§ WHAT YOU WILL DO
Print all entries precisely as they are written.

§ DATA UNDER STUDY
Lemma unbounded_normalized_subseq (T : finType) p (I : nat -> T) (c : nat -> 'rV[R]_p) :
  ~ (exists M, forall k, `|c k| <= M) ->
  exists (I0 : T) (r : 'rV[R]_p) (psi : nat -> nat),
    [/\ increasing_seq psi, forall k, I (psi k) = I0,
        forall k, k.+1%:R <= `|c (psi k)|,
        (fun k => `|c (psi k)|^-1 *: c (psi k)) @ \oo --> r & `|r| = 1].
Proof.
move=> unb; have [f1 hf1 c_big] := unbounded_subseq unb.
have [I0 [f2 hf2 I0f]] := finType_const_subseq (I \o f1).
have c0 k : c (f1 (f2 k)) != 0.
  by rewrite -normr_gt0; apply: lt_le_trans (c_big (f2 k)); rewrite ltr0n.
have [r [f3 [hf3 hr r1]]] := normalized_cvg_subseq c0.
exists I0, r, (f1 \o (f2 \o f3)); split => //.
- by do 2![apply: increasing_seq_comp => //].
- by move=> k; apply: I0f.
move=> k; apply: le_trans (c_big (f2 (f3 k))); rewrite ler_nat ltnS.
exact: increasing_seq_ge (increasing_seq_comp hf2 hf3) k.
Qed.

Lemma normalized_residual_cvg n N (g : 'I_N -> 'rV[R]_n -> 'rV[R]_n)
    (wbar v : 'rV[R]_n) (w u : nat -> 'rV[R]_n) (c : nat -> 'rV[R]_N) (r : 'rV[R]_N) :
  (forall i, continuous (g i)) -> w @ \oo --> wbar -> u @ \oo --> v ->
  (forall k, k.+1%:R <= `|c k|) -> (fun k => `|c k|^-1 *: c k) @ \oo --> r ->
  (fun k => `|c k|^-1 *: (u k - \sum_i c k 0 i *: g i (w k))) @ \oo -->
    - \sum_i r 0 i *: g i wbar.
Proof.
move=> g_cont hw hu c_big hr.
have c_pos k : 0 < `|c k| by apply: lt_le_trans (c_big k); rewrite ltr0n.
have cinv : (fun k => `|c k|^-1) @ \oo --> (0 : R).
  apply: (cvg_harmonic_close (cvg_cst 0)) => k.
  rewrite sub0r normrN ger0_norm; last by rewrite invr_ge0 ltW.
  by rewrite lef_pV2 ?posrE ?ltr0n.
have lim_sum : (fun k => \sum_i (`|c k|^-1 *: c k) 0 i *: g i (w k)) @ \oo -->
    \sum_i r 0 i *: g i wbar.
  apply: (cvg_lincomb (g := fun i k => g i (w k))) => // i.
  by have := cvg_comp _ _ hw (@g_cont i wbar).
have := cvgB (cvgZ cinv hu) lim_sum; rewrite scale0r sub0r => lim.
suff -> : (fun k => `|c k|^-1 *: (u k - \sum_i c k 0 i *: g i (w k))) =
  (fun k => `|c k|^-1 *: u k - \sum_i (`|c k|^-1 *: c k) 0 i *: g i (w k)).
  exact: lim.
apply/funext => k; rewrite scalerBr scaler_sumr; congr (_ - _).
by apply: eq_bigr => i _; rewrite mxE scalerA.
Qed.

End NormalizedSequences.

Definition rcpld_stable_relations (R : realType) (n N : nat) (D : set 'rV[R]_n)
    (dG : 'I_N -> 'rV[R]_n -> 'rV[R]_n) (wbar : 'rV[R]_n) (S Iact : {set 'I_N}) :=
  forall (I : {set 'I_N}) (lam : 'I_N -> R) (eta : 'rV[R]_n),
    I \subset Iact ->
    (forall i, i \in I -> 0 <= lam i) ->
    (exists i, i \in I :|: S /\ lam i != 0) ->
    lim_normal_cone D wbar eta ->
    0 = \sum_(i in I :|: S) lam i *: dG i wbar + eta ->
    exists U V, nbhs wbar U /\ nbhs eta V /\
      forall w teta, U w -> lim_normal_cone D w teta -> V teta ->
        if teta != 0 then
          exists (mu : 'I_N -> R) (nu : R),
            ((exists i, i \in I :|: S /\ mu i != 0) \/ nu != 0) /\
            \sum_(i in I :|: S) mu i *: dG i w + nu *: teta = 0
        else
          exists mu : 'I_N -> R,
            (exists i, i \in I :|: S /\ mu i != 0) /\
            \sum_(i in I :|: S) mu i *: dG i w = 0.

§ SOLUTION TO THIS EXERCISE
Lemma unbounded_normalized_subseq (T : finType) p (I : nat -> T) (c : nat -> 'rV[R]_p) :
  ~ (exists M, forall k, `|c k| <= M) ->
  exists (I0 : T) (r : 'rV[R]_p) (psi : nat -> nat),
    [/\ increasing_seq psi, forall k, I (psi k) = I0,
        forall k, k.+1%:R <= `|c (psi k)|,
        (fun k => `|c (psi k)|^-1 *: c (psi k)) @ \oo --> r & `|r| = 1].
Proof.
move=> unb; have [f1 hf1 c_big] := unbounded_subseq unb.
have [I0 [f2 hf2 I0f]] := finType_const_subseq (I \o f1).
have c0 k : c (f1 (f2 k)) != 0.
  by rewrite -normr_gt0; apply: lt_le_trans (c_big (f2 k)); rewrite ltr0n.
have [r [f3 [hf3 hr r1]]] := normalized_cvg_subseq c0.
exists I0, r, (f1 \o (f2 \o f3)); split => //.
- by do 2![apply: increasing_seq_comp => //].
- by move=> k; apply: I0f.
move=> k; apply: le_trans (c_big (f2 (f3 k))); rewrite ler_nat ltnS.
exact: increasing_seq_ge (increasing_seq_comp hf2 hf3) k.
Qed.

Lemma normalized_residual_cvg n N (g : 'I_N -> 'rV[R]_n -> 'rV[R]_n)
    (wbar v : 'rV[R]_n) (w u : nat -> 'rV[R]_n) (c : nat -> 'rV[R]_N) (r : 'rV[R]_N) :
  (forall i, continuous (g i)) -> w @ \oo --> wbar -> u @ \oo --> v ->
  (forall k, k.+1%:R <= `|c k|) -> (fun k => `|c k|^-1 *: c k) @ \oo --> r ->
  (fun k => `|c k|^-1 *: (u k - \sum_i c k 0 i *: g i (w k))) @ \oo -->
    - \sum_i r 0 i *: g i wbar.
Proof.
move=> g_cont hw hu c_big hr.
have c_pos k : 0 < `|c k| by apply: lt_le_trans (c_big k); rewrite ltr0n.
have cinv : (fun k => `|c k|^-1) @ \oo --> (0 : R).
  apply: (cvg_harmonic_close (cvg_cst 0)) => k.
  rewrite sub0r normrN ger0_norm; last by rewrite invr_ge0 ltW.
  by rewrite lef_pV2 ?posrE ?ltr0n.
have lim_sum : (fun k => \sum_i (`|c k|^-1 *: c k) 0 i *: g i (w k)) @ \oo -->
    \sum_i r 0 i *: g i wbar.
  apply: (cvg_lincomb (g := fun i k => g i (w k))) => // i.
  by have := cvg_comp _ _ hw (@g_cont i wbar).
have := cvgB (cvgZ cinv hu) lim_sum; rewrite scale0r sub0r => lim.
suff -> : (fun k => `|c k|^-1 *: (u k - \sum_i c k 0 i *: g i (w k))) =
  (fun k => `|c k|^-1 *: u k - \sum_i (`|c k|^-1 *: c k) 0 i *: g i (w k)).
  exact: lim.
apply/funext => k; rewrite scalerBr scaler_sumr; congr (_ - _).
by apply: eq_bigr => i _; rewrite mxE scalerA.
Qed.

End NormalizedSequences.

Definition rcpld_stable_relations (R : realType) (n N : nat) (D : set 'rV[R]_n)
    (dG : 'I_N -> 'rV[R]_n -> 'rV[R]_n) (wbar : 'rV[R]_n) (S Iact : {set 'I_N}) :=
  forall (I : {set 'I_N}) (lam : 'I_N -> R) (eta : 'rV[R]_n),
    I \subset Iact ->
    (forall i, i \in I -> 0 <= lam i) ->
    (exists i, i \in I :|: S /\ lam i != 0) ->
    lim_normal_cone D wbar eta ->
    0 = \sum_(i in I :|: S) lam i *: dG i wbar + eta ->
    exists U V, nbhs wbar U /\ nbhs eta V /\
      forall w teta, U w -> lim_normal_cone D w teta -> V teta ->
        if teta != 0 then
          exists (mu : 'I_N -> R) (nu : R),
            ((exists i, i \in I :|: S /\ mu i != 0) \/ nu != 0) /\
            \sum_(i in I :|: S) mu i *: dG i w + nu *: teta = 0
        else
          exists mu : 'I_N -> R,
            (exists i, i \in I :|: S /\ mu i != 0) /\
            \sum_(i in I :|: S) mu i *: dG i w = 0.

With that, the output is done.